GOAL OF THE EXERCISE
Take the records below and retype them line by line, from the first line through the one containing "apply: le_trans (ler_norm_sum"; stop there.

INFORMATION
# # # #
Lemma mixsum_ge0 p r v : 0 <= mixsum p r v.
Proof. by apply: sumr_ge0 => k _; exact: powR_ge0. Qed.

Lemma mixnorm_ge0 p r v : 0 <= mixnorm ms p r v.
Proof. exact: powR_ge0. Qed.

Lemma norm_powR_le_block_sum r v k j :
  in_block ms k j -> `|v ord0 j| `^ r k <= block_sum r v k.
Proof. by apply: ler_sum_term => i _; exact: powR_ge0. Qed.

Lemma mixnorm_gt0 p r v : v != 0 -> 0 < mixnorm ms p r v.
Proof.
move=> v_neq0; have [j vj_neq0] : exists j, v ord0 j != 0.
  apply/existsP; apply: contra_neqT v_neq0 => /existsPn v_eq0.
  by apply/rowP => j; rewrite !mxE; apply/eqP/negPn/v_eq0.
have [k kj] := in_block_exists hm j.
have block_gt0 : 0 < block_sum r v k.
  apply: lt_le_trans (norm_powR_le_block_sum r v kj).
  by rewrite powR_gt0 ?normr_gt0.
rewrite mixnormE powR_gt0 //; apply: lt_le_trans (powR_gt0 (p / r k) block_gt0) _.
by apply: ler_sum_term => // i _; exact: powR_ge0.
Qed.

Lemma mixnorm_hoelder p q (ps qs : 'I_n -> R) (u b : 'rV[R]_m) :
  1 < p -> p^-1 + q^-1 = 1 ->
  (forall k, 1 < ps k) -> (forall k, (ps k)^-1 + (qs k)^-1 = 1) ->
  `|dotv u b| <= mixnorm ms p ps u * mixnorm ms q qs b.
Proof.
move=> p1 pq ps1 psqs.
have inner : \sum_j `|u ord0 j| * `|b ord0 j| <=
    \sum_k block_sum ps u k `^ (ps k)^-1 * block_sum qs b k `^ (qs k)^-1.
  rewrite (sum_by_blocks hm); apply: ler_sum => k _.
  exact: hoelder_sum (ps1 k) (psqs k) (fun j => normr_ge0 _) (fun j => normr_ge0 _).
have outer : \sum_k block_sum ps u k `^ (ps k)^-1 * block_sum qs b k `^ (qs k)^-1 <=
    mixnorm ms p ps u * mixnorm ms q qs b.
  have mixsumE s r v : \sum_k (block_sum r v k `^ (r k)^-1) `^ s = mixsum s r v.
    by apply: eq_bigr => k _; rewrite -powRrM mulrC.
  rewrite !mixnormE -!mixsumE.
  exact: hoelder_sum p1 pq (fun k => powR_ge0 _ _) (fun k => powR_ge0 _ _).
apply: le_trans (ler_norm_sum _ _ _) (le_trans _ outer).
by under eq_bigr do rewrite normrM.
Qed.

End MixedNorm.

Section Dual.
Variables (R : realType) (n m : nat) (ms : 'I_n -> nat).
Hypothesis hm : m = (\sum_(i < n) ms i)%N.
Variables (p q : R) (ps qs : 'I_n -> R).
Hypotheses (p1 : 1 < p) (pq : p^-1 + q^-1 = 1).
Hypotheses (ps1 : forall k, 1 < ps k) (psqs : forall k, (ps k)^-1 + (qs k)^-1 = 1).
Implicit Types v : 'rV[R]_m.

Let p0 : 0 < p. Proof. exact: lt_trans p1. Qed.
Let ps0 k : 0 < ps k. Proof. exact: lt_trans (ps1 k). Qed.
Let ps1_gt0 k : 0 < ps k - 1. Proof. by rewrite subr_gt0. Qed.

(* The filtered sum over [k] has exactly one term: the block containing [j]. *)
Definition dual v : 'rV[R]_m := \row_j \sum_(k | in_block ms k j)
  spowR (ps k - 1) (v ord0 j) * block_sum ms ps v k `^ (p / ps k - 1).

Lemma dualE v k j : in_block ms k j ->
  dual v ord0 j = spowR (ps k - 1) (v ord0 j) * block_sum ms ps v k `^ (p / ps k - 1).
Proof. by move=> kj; rewrite mxE (big_in_block _ _ kj). Qed.

Lemma dotv_dual v : dotv v (dual v) = mixsum ms p ps v.
Proof.
rewrite /dotv (sum_by_blocks hm); apply: eq_bigr => k _.
transitivity (block_sum ms ps v k * block_sum ms ps v k `^ (p / ps k - 1)).
  rewrite /block_sum mulr_suml; apply: eq_bigr => j kj.
  by rewrite (dualE _ kj) mulrA mul_spowR.
rewrite -[X in X * _](powRr1 (block_sum_ge0 _ _ _ _)) -powRD addrC subrK //.
by rewrite mulf_eq0 invr_eq0 (gt_eqF p0) (gt_eqF (ps0 k)).
Qed.

Lemma block_sum_dual v k :
  block_sum ms qs (dual v) k = block_sum ms ps v k `^ (1 + (p / ps k - 1) * qs k).
Proof.
have block_exp_gt0 := conjugate_block_exponent_gt0 p1 (ps1 k) (psqs k).
rewrite powRD; last by rewrite (gt_eqF block_exp_gt0).
rewrite powRr1 ?block_sum_ge0 // powRrM /block_sum mulr_suml.
apply: eq_bigr => j kj; rewrite (dualE _ kj) normrM norm_spowR ?gt_eqF //.
rewrite ger0_norm ?powR_ge0 // powRM ?powR_ge0 // -powRrM.
by rewrite conjugate_subr1_mul.
Qed.

Lemma mixsum_dual v : mixsum ms q qs (dual v) = mixsum ms p ps v.
Proof.
apply: eq_bigr => k _; rewrite block_sum_dual -powRrM.
by rewrite conjugate_block_exponentE.
Qed.

Lemma dotv_dual_mixnorm v : dotv v (dual v) = mixnorm ms p ps v * mixnorm ms q qs (dual v).
Proof.
rewrite dotv_dual !mixnormE mixsum_dual -powRD pq ?oner_eq0 //.
by rewrite powRr1 ?mixsum_ge0.
Qed.

Lemma mixnorm_dual_gt0 v : 0 < mixnorm ms p ps v -> 0 < mixnorm ms q qs (dual v).
Proof.
rewrite !mixnormE mixsum_dual => N_gt0; apply: powR_gt0.
by apply: gt0_powR N_gt0; rewrite ?invr_gt0 ?mixsum_ge0.
Qed.

Lemma dual_neq0 v : 0 < mixnorm ms p ps v -> dual v != 0.
Proof.
apply: contraTneq => dual0; rewrite -leNgt mixnormE -dotv_dual dual0.
rewrite /dotv big1 => [|j _]; last by rewrite mxE mulr0.
by rewrite powR0 // invr_eq0 gt_eqF.
Qed.

Section Path.
Variable v : R -> 'rV[R]_m.
Hypothesis v_cont : forall j, continuous (fun l => v l ord0 j).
# # # #
ANSWER BOX
Lemma mixsum_ge0 p r v : 0 <= mixsum p r v.
Proof. by apply: sumr_ge0 => k _; exact: powR_ge0. Qed.

Lemma mixnorm_ge0 p r v : 0 <= mixnorm ms p r v.
Proof. exact: powR_ge0. Qed.

Lemma norm_powR_le_block_sum r v k j :
  in_block ms k j -> `|v ord0 j| `^ r k <= block_sum r v k.
Proof. by apply: ler_sum_term => i _; exact: powR_ge0. Qed.

Lemma mixnorm_gt0 p r v : v != 0 -> 0 < mixnorm ms p r v.
Proof.
move=> v_neq0; have [j vj_neq0] : exists j, v ord0 j != 0.
  apply/existsP; apply: contra_neqT v_neq0 => /existsPn v_eq0.
  by apply/rowP => j; rewrite !mxE; apply/eqP/negPn/v_eq0.
have [k kj] := in_block_exists hm j.
have block_gt0 : 0 < block_sum r v k.
  apply: lt_le_trans (norm_powR_le_block_sum r v kj).
  by rewrite powR_gt0 ?normr_gt0.
rewrite mixnormE powR_gt0 //; apply: lt_le_trans (powR_gt0 (p / r k) block_gt0) _.
by apply: ler_sum_term => // i _; exact: powR_ge0.
Qed.

Lemma mixnorm_hoelder p q (ps qs : 'I_n -> R) (u b : 'rV[R]_m) :
  1 < p -> p^-1 + q^-1 = 1 ->
  (forall k, 1 < ps k) -> (forall k, (ps k)^-1 + (qs k)^-1 = 1) ->
  `|dotv u b| <= mixnorm ms p ps u * mixnorm ms q qs b.
Proof.
move=> p1 pq ps1 psqs.
have inner : \sum_j `|u ord0 j| * `|b ord0 j| <=
    \sum_k block_sum ps u k `^ (ps k)^-1 * block_sum qs b k `^ (qs k)^-1.
  rewrite (sum_by_blocks hm); apply: ler_sum => k _.
  exact: hoelder_sum (ps1 k) (psqs k) (fun j => normr_ge0 _) (fun j => normr_ge0 _).
have outer : \sum_k block_sum ps u k `^ (ps k)^-1 * block_sum qs b k `^ (qs k)^-1 <=
    mixnorm ms p ps u * mixnorm ms q qs b.
  have mixsumE s r v : \sum_k (block_sum r v k `^ (r k)^-1) `^ s = mixsum s r v.
    by apply: eq_bigr => k _; rewrite -powRrM mulrC.
  rewrite !mixnormE -!mixsumE.
  exact: hoelder_sum p1 pq (fun k => powR_ge0 _ _) (fun k => powR_ge0 _ _).
apply: le_trans (ler_norm_sum _ _ _) (le_trans _ outer).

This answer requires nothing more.